**DATA RECORDS**
(* Let $\mathcal C$ be a category with a class of cofibrations and a class of fibrations such that every map from a cofibrant object to a fibrant object factors both as a cofibration followed by an acyclic fibration and as an acyclic cofibration followed by a fibration. The following conditions are equivalent: (i) for any bifibrant object $A$ and any factorization $\mathrm{Id}_A\colon A\hookrightarrow B\to A$ of the identity as a cofibration followed by an acyclic fibration, the cofibration is acyclic; (ii) there is a class $\mathcal F$ of acyclic fibrations such that any map from a cofibrant object to a fibrant object factors as a cofibration followed by a map in $\mathcal F$, and condition (i) holds for those factorizations whose acyclic fibration part is in $\mathcal F$; (iii) any cofibration $A\hookrightarrow B$ with $A$ cofibrant and $B$ fibrant admits a relative cylinder object; (iv) any cofibration $A\hookrightarrow B$ between bifibrant objects admits a relative cylinder object.
   Context: A class of cofibrations: a class of maps with a cofibrant initial object $0$ ($X$ cofibrant iff $0\to X$ is a cofibration), containing isomorphisms with cofibrant domain, closed under composition, and such that pushouts of a cofibration $A\to B$ along $A\to C$ with $A,C$ cofibrant exist and $C\to C\sqcup_AB$ is a cofibration; a class of fibrations is the dual notion (fibrant objects dually). Bifibrant = fibrant and cofibrant. Acyclic fibration: fibration with the right lifting property against all cofibrations between cofibrant objects; acyclic cofibration: cofibration with the left lifting property against all fibrations between fibrant objects. A relative (strong) cylinder object for a cofibration $A\to B$ is a factorization $B\sqcup_AB\to I_AB\to B$ of the codiagonal whose first map is a cofibration and whose restriction along the first inclusion $B\to B\sqcup_AB$ is an acyclic cofibration. *)

Record Category := {
  Ob :> Type;
  Hom : Ob -> Ob -> Type;
  comp : forall a b c : Ob, Hom b c -> Hom a b -> Hom a c;
  idm : forall a : Ob, Hom a a;
  comp_assoc : forall a b c d (h : Hom c d) (g : Hom b c) (f : Hom a b),
      comp a c d h (comp a b c g f) = comp a b d (comp b c d h g) f;
  id_left : forall a b (f : Hom a b), comp a b b (idm b) f = f;
  id_right : forall a b (f : Hom a b), comp a a b f (idm a) = f
}.

Arguments Hom {C} a b : rename.
Arguments comp {C a b c} g f : rename.
Arguments idm {C} a : rename.

Notation "g ∘ f" := (comp g f) (at level 40, left associativity).

Section Defs.
Variable C : Category.

Definition MapClass := forall a b : Ob C, @Hom C a b -> Prop.

Definition is_iso {a b : Ob C} (f : Hom a b) : Prop :=
  exists g : Hom b a, g ∘ f = idm a /\ f ∘ g = idm b.

Definition is_initial (z : Ob C) : Prop :=
  forall X : Ob C, inhabited (Hom z X) /\ forall f g : Hom z X, f = g.

Definition is_terminal (t : Ob C) : Prop :=
  forall X : Ob C, inhabited (Hom X t) /\ forall f g : Hom X t, f = g.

**PROBLEM DETAILS**
Give back every line from the beginning of the records through the line holding "id_right : forall", exactly as it reads, and leave out the rest.

**SOLUTION TO THE EXERCISE**
(* Let $\mathcal C$ be a category with a class of cofibrations and a class of fibrations such that every map from a cofibrant object to a fibrant object factors both as a cofibration followed by an acyclic fibration and as an acyclic cofibration followed by a fibration. The following conditions are equivalent: (i) for any bifibrant object $A$ and any factorization $\mathrm{Id}_A\colon A\hookrightarrow B\to A$ of the identity as a cofibration followed by an acyclic fibration, the cofibration is acyclic; (ii) there is a class $\mathcal F$ of acyclic fibrations such that any map from a cofibrant object to a fibrant object factors as a cofibration followed by a map in $\mathcal F$, and condition (i) holds for those factorizations whose acyclic fibration part is in $\mathcal F$; (iii) any cofibration $A\hookrightarrow B$ with $A$ cofibrant and $B$ fibrant admits a relative cylinder object; (iv) any cofibration $A\hookrightarrow B$ between bifibrant objects admits a relative cylinder object.
   Context: A class of cofibrations: a class of maps with a cofibrant initial object $0$ ($X$ cofibrant iff $0\to X$ is a cofibration), containing isomorphisms with cofibrant domain, closed under composition, and such that pushouts of a cofibration $A\to B$ along $A\to C$ with $A,C$ cofibrant exist and $C\to C\sqcup_AB$ is a cofibration; a class of fibrations is the dual notion (fibrant objects dually). Bifibrant = fibrant and cofibrant. Acyclic fibration: fibration with the right lifting property against all cofibrations between cofibrant objects; acyclic cofibration: cofibration with the left lifting property against all fibrations between fibrant objects. A relative (strong) cylinder object for a cofibration $A\to B$ is a factorization $B\sqcup_AB\to I_AB\to B$ of the codiagonal whose first map is a cofibration and whose restriction along the first inclusion $B\to B\sqcup_AB$ is an acyclic cofibration. *)

Record Category := {
  Ob :> Type;
  Hom : Ob -> Ob -> Type;
  comp : forall a b c : Ob, Hom b c -> Hom a b -> Hom a c;
  idm : forall a : Ob, Hom a a;
  comp_assoc : forall a b c d (h : Hom c d) (g : Hom b c) (f : Hom a b),
      comp a c d h (comp a b c g f) = comp a b d (comp b c d h g) f;
  id_left : forall a b (f : Hom a b), comp a b b (idm b) f = f;
  id_right : forall a b (f : Hom a b), comp a a b f (idm a) = f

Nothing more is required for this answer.